Infer language¶
NLP • inference • model • text
Detect the language used for each text in the input column.
Each language will be represented by its ISO 639-1 language code, such as "en", "es", "it" for English, Spanish and Italian respectively.
Usage¶
The following are the step's expected inputs and outputs and their specific types.
infer_language(text: text, {"param": value}) -> (lang: category)
where the object {"param": value}
is optional in most cases and if present may contain any of the parameters described in the
corresponding section below.
Example¶
In most cases no special configuration should be necessary, so simply
infer_language(ds.text) -> (ds.language)
Inputs¶
text: column:text
A text column to detect languages for.
Outputs¶
lang: column:category
A column identifying the language of each text using its two-letter ISO 639-1 language code.
Parameters¶
min_probability: number = 0.5
Minimum probability to assign a language for a particular text. If the model used to infer the language is less sure about a language than this, the corresponding text will be assigned no language, and will have a missing values instead (NaN).

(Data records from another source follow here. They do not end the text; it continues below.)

Ltac destruct_hyps :=
  repeat match goal with
  | H : exists _, _ |- _ => destruct H
  | H : _ /\ _ |- _ => destruct H
  | H : _ \/ _ |- _ => destruct H
  end; try discriminate;
  repeat match goal with H : ?a = ?b |- _ => injection H; clear H; intros; subst end.

Lemma V_is_value (v : expr) : forall t th m, V t v th m -> is_value v.
Proof.
  induction v; intros [A p] th m H; destruct A; V_simpl; destruct_hyps;
    constructor; eauto.
Qed.

Lemma V_mono (v : expr) : forall t th m th2 m2,
  V t v th m -> senv_ext th th2 -> m2 <= m -> V t v th2 m2.
Proof.
  induction v; intros [A p] th m th2 m2 H Hext Hle; destruct A; V_simpl;
    try solve [destruct_hyps; eauto 10].
  destruct H as [b [Eb Hb]]. exists b; split; auto.
  intros th' m' Hlt w Hf Hext' Hw. apply Hb; auto; [lia|]. eapply senv_ext_trans; eauto.
Qed.

Lemma E_mono pc t e th m th2 m2 :
  E pc t e th m -> senv_ext th th2 -> m2 <= m -> E pc t e th2 m2.
Proof.
  intros H Hext Hle. rewrite E_unfold in *. destruct H as [H|[Hnv H]].
  - left. eapply V_mono; eauto.
  - right. split; auto. intros. eapply H; eauto; [lia|]. eapply senv_ext_trans; eauto.
Qed.

Lemma E_weaken pc pc' t t' :
  (forall v th m, V t v th m -> V t' v th m) -> pol_le pc' pc ->
  forall m e th, E pc t e th m -> E pc' t' e th m.
Proof.
  intros HV Hpc m. induction m as [m IH] using lt_wf_ind. intros e th H.
  rewrite E_unfold in *. destruct H as [H|[Hnv H]]; [left; auto|right; split; auto].
  intros. edestruct H as [Hobs [th'' [Hf [Hext [Hsat HE]]]]]; eauto.
  split; [eapply obs_ok_le; eauto|]. exists th''; repeat split; auto.
Qed.

Lemma E_lower_pc pc pc' t e th m : pol_le pc' pc -> E pc t e th m -> E pc' t e th m.
Proof. intros; eapply E_weaken; eauto. Qed.

Scheme subL_mut := Induction for subL Sort Prop
with subR_mut := Induction for subR Sort Prop.
Combined Scheme sub_mut from subL_mut, subR_mut.

Lemma V_sub_mut :
  (forall t t', subL t t' -> forall v th m, V t v th m -> V t' v th m) /\
  (forall A B, subR A B ->
     forall p p' v th m, V (Lab A p) v th m -> V (Lab B p') v th m).
Proof.
  apply (sub_mut _ _ (fun t t' _ => forall v th m, V t v th m -> V t' v th m)
           (fun A B _ => forall p p' v th m, V (Lab A p) v th m -> V (Lab B p') v th m)).
  all: try solve [intros; V_simpl; destruct_hyps; eauto 10].
  intros t0 t1 t2 t3 Sg Sg' pc pc' _ Hdom _ Hcod Hpc _ q q' v th m Hv.
  apply V_arr in Hv as [b [-> Hb]]. apply V_arr. exists b; split; auto.
  intros th' m' Hlt w Hf Hext Hw. eapply E_weaken; [exact Hcod|exact Hpc|apply Hb; auto].
Qed.

Lemma V_sub t t' : subL t t' -> forall v th m, V t v th m -> V t' v th m.
Proof. apply V_sub_mut. Qed.

(* The hole may run under a different open-lock set, as in [opened σ in _]. *)
Definition ectx (K : expr -> expr) : Prop :=
  forall e, ~ is_value e -> ~ is_value (K e) /\
    forall Sg S e'' S' w Sg', step (K e) Sg S e'' S' w Sg' ->
      exists Sg0 e', step e Sg0 S e' S' w Sg' /\ e'' = K e'.

Lemma E_bind K pc t1 t2 : ectx K -> forall m e th, finite_dom th -> E pc t1 e th m ->
  (forall th0 m0 v, finite_dom th0 -> senv_ext th th0 -> m0 <= m -> V t1 v th0 m0 ->
     E pc t2 (K v) th0 m0) ->
  E pc t2 (K e) th m.
Proof.
  intros HK m. induction m as [m IH] using lt_wf_ind. intros e th Hf H Hcont.
  rewrite E_unfold in H. destruct H as [H|[Hnv H]].
  - apply Hcont; auto using senv_ext_refl.
  - destruct (HK e Hnv) as [HnvK HstepK]. apply E_unfold. right. split; auto.
    intros S th' m' Hlt e'' S' w Sg Sg' HfS Hf' Hext Hsat Hst.
    destruct (HstepK _ _ _ _ _ _ Hst) as [Sg0 [e' [Hst' ->]]].
    destruct (H S th' m' Hlt e' S' w Sg0 Sg' HfS Hf' Hext Hsat Hst')
      as [Hobs [th'' [Hf'' [Hext'' [Hsat'' HE]]]]].
    split; auto. exists th''; repeat split; auto.
    apply IH; auto. intros th0 m0 v Hf0 Hext0 Hle Hv. apply Hcont; auto; [|lia].
    eauto using senv_ext_trans.
Qed.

Range: 0 ≤ min_probability ≤ 1
allowed_languages: array[string] = ['en', 'es', 'pt', 'fr', 'de', 'it', 'eu', 'ca', 'tr', 'ar']
Only these languages will be inferred. Can be used to limit language detection to a smaller set if necessary.
Items in allowed_languages
item: string
Must be one of:
"en"
,
"es"
,
"pt"
,
"fr"
,
"de"
,
"it"
,
"eu"
,
"ca"
,
"tr"
,
"ar"